The company said the agreement with the Department of Justice and Food and Drug Administration, which restricts the manufacture and sale of certain sleep therapy and respiratory devices, "provides clarity and a roadmap to demonstrate compliance with regulatory requirements and to restore the Philips Respironics business".

Respironics initiated a voluntary recall "of significant scale" in June 2021 after finding that the soundproofing foam used in certain devices might degrade into particles that could be ingested or inhaled by users.
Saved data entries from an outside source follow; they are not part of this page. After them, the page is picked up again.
Theorem proposition5 (R : realType)
  (p : nat -> R[i]) (q : nat -> nat -> R[i]) (delta : nat)
  (Hdelta : (1 <= delta)%N)
  (Hp_low : forall i, (i < delta)%N -> p i = 0)
  (Hp_lead : p delta != 0)
  (Hp_conv : convergent1 p)
  (Hq00 : q 0%N 0%N = 0)
  (Hq_nz : exists i j, q i j != 0)
  (Hq_conv : convergent2 q)
  (gamma d C D : nat)
  (Hfirst_v : is_vertex (R := R) q (gamma%:R, d%:R))
  (Hfirst : forall u : R * R, is_vertex q u -> gamma%:R <= u.1)
  (Hsecond : next_vertex (R := R) q (gamma%:R, d%:R) (C%:R, D%:R))
  (Hcase3 : y_intercept (gamma%:R : R) d%:R C%:R D%:R <= delta%:R) :
  let T1 : R := y_intercept gamma%:R d%:R C%:R D%:R in
  let l2 : R := (C%:R - gamma%:R) / (d%:R - D%:R) in
  (T1 < delta%:R ->
   forall n : nat, (1 <= n)%N ->
     let gn : R := (gamma_n gamma delta d n)%:R in
     let dn : R := (d ^ n)%N%:R in
     let Cn : R := gn - (gamma%:R - C%:R) * (d ^ n.-1)%N%:R in
     let Dn : R := (D * d ^ n.-1)%N%:R in
     next_vertex (Qn p q n) (gn, dn) (Cn, Dn) /\
     slope gn dn Cn Dn = - l2^-1 /\
     y_intercept gn dn Cn Dn < (delta ^ n)%N%:R) /\
  (T1 = delta%:R -> (0 < D)%N ->
   forall n : nat, (1 <= n)%N ->
     let gn : R := (gamma_n gamma delta d n)%:R in
     let dn : R := (d ^ n)%N%:R in
     let Cs : R := ((\sum_(k < n) delta ^ (n.-1 - k) * D ^ k) * C)%N%:R in
     let Ds : R := (D ^ n)%N%:R in
     next_vertex (Qn p q n) (gn, dn) (Cs, Ds) /\
     slope gn dn Cs Ds = - l2^-1 /\
     y_intercept gn dn Cs Ds = (delta ^ n)%N%:R).
Proof.
move=> T1 l2.
have [q_first q_left] := first_vertex_leftmost Hq_nz Hfirst_v Hfirst.
have gam_lt_C := first_lt_second_x Hsecond.
have D_lt_d := second_lt_first_y Hq_nz Hfirst_v Hfirst Hsecond.
have q_above := first_edge_supports Hq_nz Hfirst_v Hfirst Hsecond.
have q_right := first_edge_right_end Hq_nz Hfirst_v Hfirst Hsecond.
have q_second := second_vertex_coef Hq_nz Hfirst_v Hfirst Hsecond.
have HT1 := first_edge_y_intercept R gam_lt_C (ltnW D_lt_d).
have be_gt0 : (0 : R) < (C - gamma)%:R by rewrite ltr0n subn_gt0.
split=> [HT | HT HD].
  apply: (iterate_vertex_below Hdelta Hp_low Hp_lead Hq00 gam_lt_C D_lt_d
    q_left q_above q_right q_first q_second R).
  by rewrite -(ltr_nat R) natrM -HT1 ltr_pM2l.
apply: (iterate_vertex_on Hdelta Hp_low Hp_lead Hq00 gam_lt_C D_lt_d
  q_left q_above q_right q_first q_second R) => //.
by apply/eqP; rewrite -(eqr_nat R) natrM -HT1 -/T1 HT.
Qed.
(* Let $\mathbf{X}$ and $\mathbf{Y}$ be $d$-dimensional random vectors whose components are mutually independent, i.e. $P(X_1=x_1,\dots,X_d=x_d)=\prod_{i=1}^dP(X_i=x_i)$ and $P(Y_1=y_1,\dots,Y_d=y_d)=\prod_{i=1}^dP(Y_i=y_i)$. Then $\mathbf{X}\succ_d\mathbf{Y}$ if and only if $\mathbf{X}\succ_{\mathrm{FSD}}\mathbf{Y}$.
   Context: For $\mathbf{x},\mathbf{y}\in\mathbb{R}^d$: $\mathbf{y}\preceq_p\mathbf{x}$ iff $y_i\le x_i$ for all $i$. CDF: $F_{\mathbf{X}}(\mathbf{x})=P(\mathbf{X}\preceq_p\mathbf{x})$. $\mathbf{X}\succeq_{\mathrm{FSD}}\mathbf{Y}$ iff $F_{\mathbf{X}}(\mathbf{v})\le F_{\mathbf{Y}}(\mathbf{v})$ for all $\mathbf{v}$; $\mathbf{X}\succ_{\mathrm{FSD}}\mathbf{Y}$ iff additionally strict inequality for some $\mathbf{v}$ (same for real random variables). Distributional dominance $\mathbf{X}\succ_d\mathbf{Y}$ iff $\mathbf{X}\succeq_{\mathrm{FSD}}\mathbf{Y}$ and $X_i\succ_{\mathrm{FSD}}Y_i$ for some $i\in\{1,\dots,d\}$. *)

From HB Require Import structures.
From mathcomp Require Import all_boot all_order all_algebra.
From mathcomp Require Import all_classical all_reals all_analysis.
Set Implicit Arguments. Unset Strict Implicit. Unset Printing Implicit Defensive.
Import Order.TTheory GRing.Theory Num.Theory.
Local Open Scope classical_set_scope.
Local Open Scope ring_scope.

Section Defs.
Context {R : realType}.

Definition rvec {dT} {T : measurableType dT} (P : probability T R) (d : nat) :=
  'I_d -> {RV P >-> R}.

Definition lep {d : nat} (y x : 'I_d -> R) : Prop := forall i, y i <= x i.

Definition cdfv {dT} {T : measurableType dT} (P : probability T R) {d : nat}
  (X : rvec P d) (v : 'I_d -> R) : R :=
  fine (P [set w | lep (fun i => X i w) v]).

Definition cdf1 {dT} {T : measurableType dT} (P : probability T R)
  (X : {RV P >-> R}) (t : R) : R :=
  fine (P [set w | X w <= t]).

Definition fsd_ge {d1 d2} {T1 : measurableType d1} {T2 : measurableType d2}
  (P1 : probability T1 R) (P2 : probability T2 R) {d : nat}
  (X : rvec P1 d) (Y : rvec P2 d) : Prop :=
  forall v, cdfv X v <= cdfv Y v.

Definition fsd_gt {d1 d2} {T1 : measurableType d1} {T2 : measurableType d2}
  (P1 : probability T1 R) (P2 : probability T2 R) {d : nat}
  (X : rvec P1 d) (Y : rvec P2 d) : Prop :=
  fsd_ge X Y /\ exists v, cdfv X v < cdfv Y v.

Definition fsd_gt1 {d1 d2} {T1 : measurableType d1} {T2 : measurableType d2}
  (P1 : probability T1 R) (P2 : probability T2 R)
  (X : {RV P1 >-> R}) (Y : {RV P2 >-> R}) : Prop :=
  (forall t, cdf1 X t <= cdf1 Y t) /\ exists t, cdf1 X t < cdf1 Y t.

Definition dist_dom {d1 d2} {T1 : measurableType d1} {T2 : measurableType d2}
  (P1 : probability T1 R) (P2 : probability T2 R) {d : nat}
  (X : rvec P1 d) (Y : rvec P2 d) : Prop :=
  fsd_ge X Y /\ exists i, fsd_gt1 (X i) (Y i).

Definition discrete_rvec {dT} {T : measurableType dT} (P : probability T R)
  {d : nat} (X : rvec P d) : Prop :=
  exists S : set ('I_d -> R), countable S /\
    P [set w | S (fun i => X i w)] = 1%E.

Definition indep_components {dT} {T : measurableType dT} (P : probability T R)
  {d : nat} (X : rvec P d) : Prop :=
  forall x : 'I_d -> R,
    fine (P [set w | forall i, X i w = x i]) =
    \prod_(i < d) fine (P [set w | X i w = x i]).

End Defs.

(** With independent components, the joint CDF of a discrete vector
    factorises, [F_X(v) = prod_i F_{X_i}(v_i)]: on the finite grid spanned by
    the first [n] support points this is the pmf product formula, and both
    sides are limits of the grid probabilities as [n -> oo].  Separately,
    [F_{X_i}(t)] is the limit of [F_X] at the point with [i]-th coordinate [t]
    and all other coordinates [n -> oo], so pointwise inequalities between
    joint CDFs pass to the marginals.  Hence a strict marginal inequality rules
    out [F_Y <= F_X] everywhere, while a strict inequality [F_X(v) < F_Y(v)]
    between the two products forces one between some pair of factors. *)
From HB Require Import structures.
From mathcomp Require Import all_boot all_order all_algebra.
From mathcomp Require Import all_classical all_reals all_analysis.
Import Order.TTheory GRing.Theory Num.Theory numFieldNormedType.Exports.
Local Open Scope classical_set_scope.
Local Open Scope ring_scope.

Lemma exists_nat_ge {R : realType} {I : finType} (f : I -> R) :
  exists n : nat, forall i, f i <= n%:R.
Proof.
exists (\max_i (Num.truncn `|f i|).+1)%N => i.
apply: (le_trans (ler_norm _)); apply/ltW/(lt_le_trans (truncnS_gt _)).
by rewrite ler_nat; exact: leq_bigmax.
Qed.

Definition marginal_point {R : realType} {d} (i : 'I_d) (t : R) (n : nat) :
  'I_d -> R := fun j => if j == i then t else n%:R.

Section probability_events.
Context {R : realType} {dT : measure_display} {T : measurableType dT}.
Context {P : probability T R}.
Local Notation pr A := (fine (P A)).

Lemma probability_fineK A : measurable A -> (pr A)%:E = P A.
Proof. by move=> mA; rewrite fineK // fin_num_measure. Qed.

Lemma pr_ge0 A : 0 <= pr A.
Proof. exact/fine_ge0/measure_ge0. Qed.

Lemma le_pr A B : measurable A -> measurable B -> A `<=` B -> pr A <= pr B.
Proof.
move=> mA mB AB; rewrite -lee_fin !probability_fineK //.
by apply: le_measure; rewrite ?inE.
Qed.

Lemma probability_setI_full B N : measurable B -> measurable N -> P N = 1%E ->
  P (B `&` N) = P B.
Proof.
move=> mB mN PN; rewrite [RHS](measureDI P mB mN).
have PNC : P (~` N) = 0%E by rewrite probability_setC // PN subee.
by rewrite (@subset_measure0 _ _ _ P (B `\` N) (~` N)) ?add0e //;
  [exact: measurableD | exact: measurableC].
Qed.

Lemma pr_bigcup_fin (J : finType) (G : J -> set T) :
  (forall j, measurable (G j)) -> trivIset setT G ->
  pr (\bigcup_j G j) = \sum_j pr (G j).
Proof.
move=> mG tG.
have mU : measurable (\bigcup_j G j).
  by apply: fin_bigcup_measurable => //; exact: finite_finset.
apply: EFin_inj; rewrite probability_fineK // -sumEFin.
under eq_bigr do rewrite probability_fineK //.
rewrite measure_fin_bigcup //; last exact: finite_finset.
rewrite -[RHS]big_enum /= [RHS]fsbig_seq ?enum_uniq //.
by apply: eq_fsbigl; apply/seteqP; split => j //= _; rewrite mem_enum.
Qed.

Lemma cvg_pr_nondecreasing N (F : nat -> set T) B :
  measurable N -> P N = 1%E -> measurable B ->
  (forall n, measurable (F n)) -> (forall n m, (n <= m)%N -> F n `<=` F m) ->
  (forall n, F n `<=` B) -> B `&` N `<=` \bigcup_n F n ->
  pr (F n) @[n --> \oo] --> pr B.
Proof.
move=> mN PN mB mF ndF FB BNF.
have mU : measurable (\bigcup_n F n) by exact: bigcupT_measurable.
have -> : pr B = pr (\bigcup_n F n).
  apply/eqP; rewrite eq_le; apply/andP; split.
    rewrite -(probability_setI_full _ _ mB mN PN).
    by apply: le_pr => //; exact: measurableI.
  by apply: le_pr => // w [n _]; exact: FB.
have ndF_seq : nondecreasing_seq F by move=> n m nm; apply/subsetPset; exact: ndF.
apply: fine_cvg; rewrite probability_fineK //.
exact: (nondecreasing_cvg_mu (mu := P) mF mU ndF_seq).
Qed.

Lemma measurable_forall (I : finType) (Q : I -> set T) :
  (forall i, measurable (Q i)) -> measurable [set w | forall i, Q i w].
Proof.
move=> mQ; rewrite (_ : [set w | forall i, Q i w] = \bigcap_(i in setT) Q i).
  by apply: fin_bigcap_measurable => //; exact: finite_finset.
by apply/seteqP; split => w /= h i //; apply: h.
Qed.

Lemma measurable_rv_le (Z : {RV P >-> R}) t : measurable [set w | Z w <= t].
Proof.
rewrite (_ : [set w | Z w <= t] = Z @^-1` [set` `]-oo, t]]).
  exact: measurable_funPTI (measurable_itv _).
by apply/seteqP; split => w /=; rewrite in_itv.
Qed.

Lemma measurable_rv_countable (Z : {RV P >-> R}) (B : set R) :
  countable B -> measurable (Z @^-1` B).
Proof. by move=> cB; apply: measurable_funPTI; exact: countable_measurable. Qed.

Lemma measurable_cdfv_event {d} (X : rvec P d) v :
  measurable [set w | lep (fun i => X i w) v].
Proof. by apply: measurable_forall => i; exact: measurable_rv_le. Qed.

Lemma pr_rv_in_seq (Z : {RV P >-> R}) (L : seq R) (A : pred R) :
  pr [set w | Z w \in L /\ A (Z w)] =
  \sum_(x : seq_sub L) (A (val x))%:R * pr [set w | Z w = val x].
Proof.
pose G (x : seq_sub L) := Z @^-1` [set y | y = val x /\ A y].
have -> : [set w | Z w \in L /\ A (Z w)] = \bigcup_x G x.
  apply/seteqP; split => [w [wL Aw] | w [x _ [/= Zw Ax]]].
    by exists (SeqSub wL).
  by rewrite /= Zw; split; [exact: (ssvalP x) | rewrite -Zw].
rewrite (@pr_bigcup_fin _ G) => [|x|]; first last.
- by move=> x y _ _ [w [[Zx _] [Zy _]]]; apply: val_inj; rewrite -Zx -Zy.
- rewrite /G; apply: measurable_rv_countable.
  apply: sub_countable (countable1 (val x)).
  by apply: subset_card_le => y [->].
apply: eq_bigr => x _; rewrite /G; case: (boolP (A (val x))) => Ax.
  rewrite mul1r; congr (fine (P _)).
  by apply/seteqP; split => w /= => [[]|->].
rewrite mul0r (_ : _ @^-1` _ = set0) ?measure0 //.
by apply/seteqP; split => w //= [->]; rewrite (negbTE Ax).
Qed.

Lemma pr_indep_finite_rect {d} (X : rvec P d) (L : seq R) (A : 'I_d -> pred R) :
  indep_components X ->
  pr [set w | forall i, X i w \in L /\ A i (X i w)] =
  \prod_i pr [set w | X i w \in L /\ A i (X i w)].
Proof.
move=> iX; under [RHS]eq_bigr do rewrite pr_rv_in_seq.
rewrite bigA_distr_bigA.
pose G (g : {ffun 'I_d -> seq_sub L}) :=
  [set w | forall i, X i w = val (g i) /\ A i (X i w)].
have -> : [set w | forall i, X i w \in L /\ A i (X i w)] = \bigcup_g G g.
  apply/seteqP; split => [w /= XLA | w [g _ Gw] i].
    exists [ffun i => SeqSub (proj1 (XLA i))] => // i.
    by rewrite ffunE; split; last exact: (proj2 (XLA i)).
  by have [-> Ai] := Gw i; split => //; exact: (ssvalP (g i)).
rewrite (@pr_bigcup_fin _ G) => [|g|]; first last.
- move=> g h _ _ [w [Gw Hw]]; apply/ffunP => i; apply: val_inj.
  by rewrite -(proj1 (Gw i)) -(proj1 (Hw i)).
- rewrite /G; apply: measurable_forall => i.
  apply: (measurable_rv_countable (X i) [set y | y = val (g i) /\ A i y]).
  apply: sub_countable (countable1 (val (g i))).
  by apply: subset_card_le => y [->].
apply: eq_bigr => g _.
case: (boolP [forall i, A i (val (g i))]) => [/forallP Ag|].
  rewrite (_ : G g = [set w | forall i, X i w = val (g i)]); last first.
    by apply/seteqP; split => w Xw i; [exact: (proj1 (Xw i)) | rewrite Xw].
  by rewrite iX; apply: eq_bigr => i _; rewrite Ag mul1r.
rewrite negb_forall => /existsP [i Ai].
rewrite (_ : G g = set0) ?measure0; last first.
  by apply/seteqP; split => w // /(_ i) [->]; rewrite (negbTE Ai).
by rewrite (bigD1 i) // (negbTE Ai) /= !mul0r.
Qed.

Lemma cvg_cdfv_marginal {d} (X : rvec P d) i t :
  cdfv X (marginal_point i t n) @[n --> \oo] --> cdf1 (X i) t.
Proof.
apply: (cvg_pr_nondecreasing setT) => //.
- exact: probability_setT.
- exact: measurable_rv_le.
- by move=> n; exact: measurable_cdfv_event.
- move=> n m nm w Xw j; apply: (le_trans (Xw j)); rewrite /marginal_point.
  by case: eqP => // _; rewrite ler_nat.
- by move=> n w /(_ i); rewrite /marginal_point eqxx.
- move=> w [Xwt _]; have [n Xn] := exists_nat_ge (fun j => X j w).
  by exists n => // j; rewrite /marginal_point; case: eqP => [->|].
Qed.

Lemma discrete_rvec_finite_grids {d} (X : rvec P d) : discrete_rvec X ->
  exists (L : nat -> seq R) (N : set T),
  [/\ measurable N, P N = 1%E,
      forall n m, (n <= m)%N -> {subset L n <= L m} &
      forall w, N w -> exists n, forall i, X i w \in L n].
Proof.
move=> [S [cS PS]]; have /pcard_surjP [e Se] := cS.
(* [e] enumerates the support; grid [n] holds the coordinates of its first [n] points. *)
exists (fun n => [seq e k i | k <- iota 0 n, i <- enum 'I_d]).
exists [set w | S (fun i => X i w)]; split => //.
- have -> : [set w | S (fun i => X i w)] =
      \bigcup_(k in [set k | S (e k)]) [set w | forall i, X i w = e k i].
    apply/seteqP; split => [x Sx | x [k Sk Xx]].
      by have [k _ ek] := Se _ Sx; exists k; rewrite /= ek.
    rewrite /= (_ : (fun i => X i x) = e k) //.
    by apply/funext => i; exact: Xx.
  apply: bigcup_measurable => k _; apply: measurable_forall => i.
  exact: (measurable_rv_countable (X i) [set e k i] (countable1 (e k i))).
- move=> n m nm x /allpairsP [[k i] /= [kn _ ->]].
  apply: allpairs_f; last exact: mem_enum.
  by rewrite !mem_iota /= !add0n in kn *; exact: leq_trans kn nm.
- move=> w /Se [k _ ek]; exists k.+1 => i.
  rewrite (_ : X i w = e k i); last by rewrite ek.
  by apply: allpairs_f; rewrite ?mem_iota ?mem_enum /= ?add0n ?ltnSn.
Qed.

Lemma cdfv_indep {d} {X : rvec P d} : discrete_rvec X -> indep_components X ->
  forall v, cdfv X v = \prod_i cdf1 (X i) (v i).
Proof.
move=> /discrete_rvec_finite_grids [L [N [mN PN L_mono N_L]]] iX v.
pose C i n := [set w | X i w \in L n /\ X i w <= v i].
have mC i n : measurable (C i n).
  apply: (measurable_rv_countable (X i) [set y | y \in L n /\ y <= v i]).
  apply: sub_countable (finite_set_countable (finite_seq (L n))).
  by apply: subset_card_le => y [].
have C_cvg i : pr (C i n) @[n --> \oo] --> cdf1 (X i) (v i).
  apply: (cvg_pr_nondecreasing N) => //.
  - exact: measurable_rv_le.
  - by move=> n m nm w [XL Xv]; split => //; exact: L_mono XL.
  - by move=> n w [].
  - by move=> w [Xv /N_L [n Xn]]; exists n.
have rect_cvg : pr [set w | forall i, C i n w] @[n --> \oo] --> cdfv X v.
  apply: (cvg_pr_nondecreasing N) => //.
  - exact: measurable_cdfv_event.
  - by move=> n; exact: measurable_forall.
  - move=> n m nm w Cw i; have [XL Xv] := Cw i.
    by split => //; exact: L_mono XL.
  - by move=> n w Cw i; have [] := Cw i.
  - by move=> w [Xv /N_L [n Xn]]; exists n.
have rectE n : pr [set w | forall i, C i n w] = \prod_i pr (C i n).
  exact: (pr_indep_finite_rect X (L n) (fun i x => x <= v i) iX).
rewrite (funext rectE) in rect_cvg.
apply: (cvg_unique _ rect_cvg) => //.
by apply: cvg_big => //; exact: mul_continuous.
Qed.

End probability_events.

Lemma fsd_ge_marginal {R : realType} {d1 d2}
    {T1 : measurableType d1} {T2 : measurableType d2}
    {P1 : probability T1 R} {P2 : probability T2 R} {d}
    {X : rvec P1 d} {Y : rvec P2 d} :
  fsd_ge X Y -> forall i t, cdf1 (X i) t <= cdf1 (Y i) t.
Proof.
move=> XY i t; rewrite -subr_ge0.
apply: (cvgr_to_ge (cvgB (cvg_cdfv_marginal Y i t) (cvg_cdfv_marginal X i t))).
by apply: nearW => n; rewrite subr_ge0; exact: XY.
Qed.

Theorem mainTheorem12 (R : realType) (d1 d2 : measure_display)
  (T1 : measurableType d1) (T2 : measurableType d2)
  (P1 : probability T1 R) (P2 : probability T2 R) (d : nat)
  (X : rvec P1 d) (Y : rvec P2 d) :
  discrete_rvec X -> discrete_rvec Y ->
  indep_components X -> indep_components Y ->
  (dist_dom X Y <-> fsd_gt X Y).
Proof.
move=> dX dY iX iY; split.
- move=> [XY [i [_ [t XYt]]]]; split => //.
  apply: contrapT => /forallNP noV.
  have YX : fsd_ge Y X by move=> v; rewrite leNgt; apply/negP/noV.
  by have := fsd_ge_marginal YX i t; rewrite leNgt XYt.
- move=> [XY [v XYv]]; split => //.
  have [i XYi] : exists i, cdf1 (X i) (v i) < cdf1 (Y i) (v i).
    apply: contrapT => /forallNP noI.
    move: XYv; rewrite (cdfv_indep dX iX) (cdfv_indep dY iY) ltNge => /negP.
    by apply; apply: ler_prod => i _; rewrite pr_ge0 leNgt; apply/negP/noI.
  by exists i; split; [exact: fsd_ge_marginal XY i | exists (v i)].
Qed.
According to FDA data, more than 15m devices were recalled altogether.

In a statement on Wednesday, Philips said that more than 99% of registered Continuous Positive Airway Pressure (CPAP) or Bilevel Positive Airway Pressure (BiPAP) devices have been remediated, but the remediation of ventilators is ongoing.

Philips must now prove it can comply with the FDA's manufacturing practice requirements via the Quality System Regulation.

"Until the relevant requirements of the consent decree are met, Philips Respironics will not resume selling new CPAP or BiPAP devices or other respiratory care devices in the US," the company said, after having stopped selling the devices in 2021.

"Strengthening patient safety and quality remains Philips' highest priority and the increased scrutiny will help us to improve even more," said Philips chief executive Roy Jakobs.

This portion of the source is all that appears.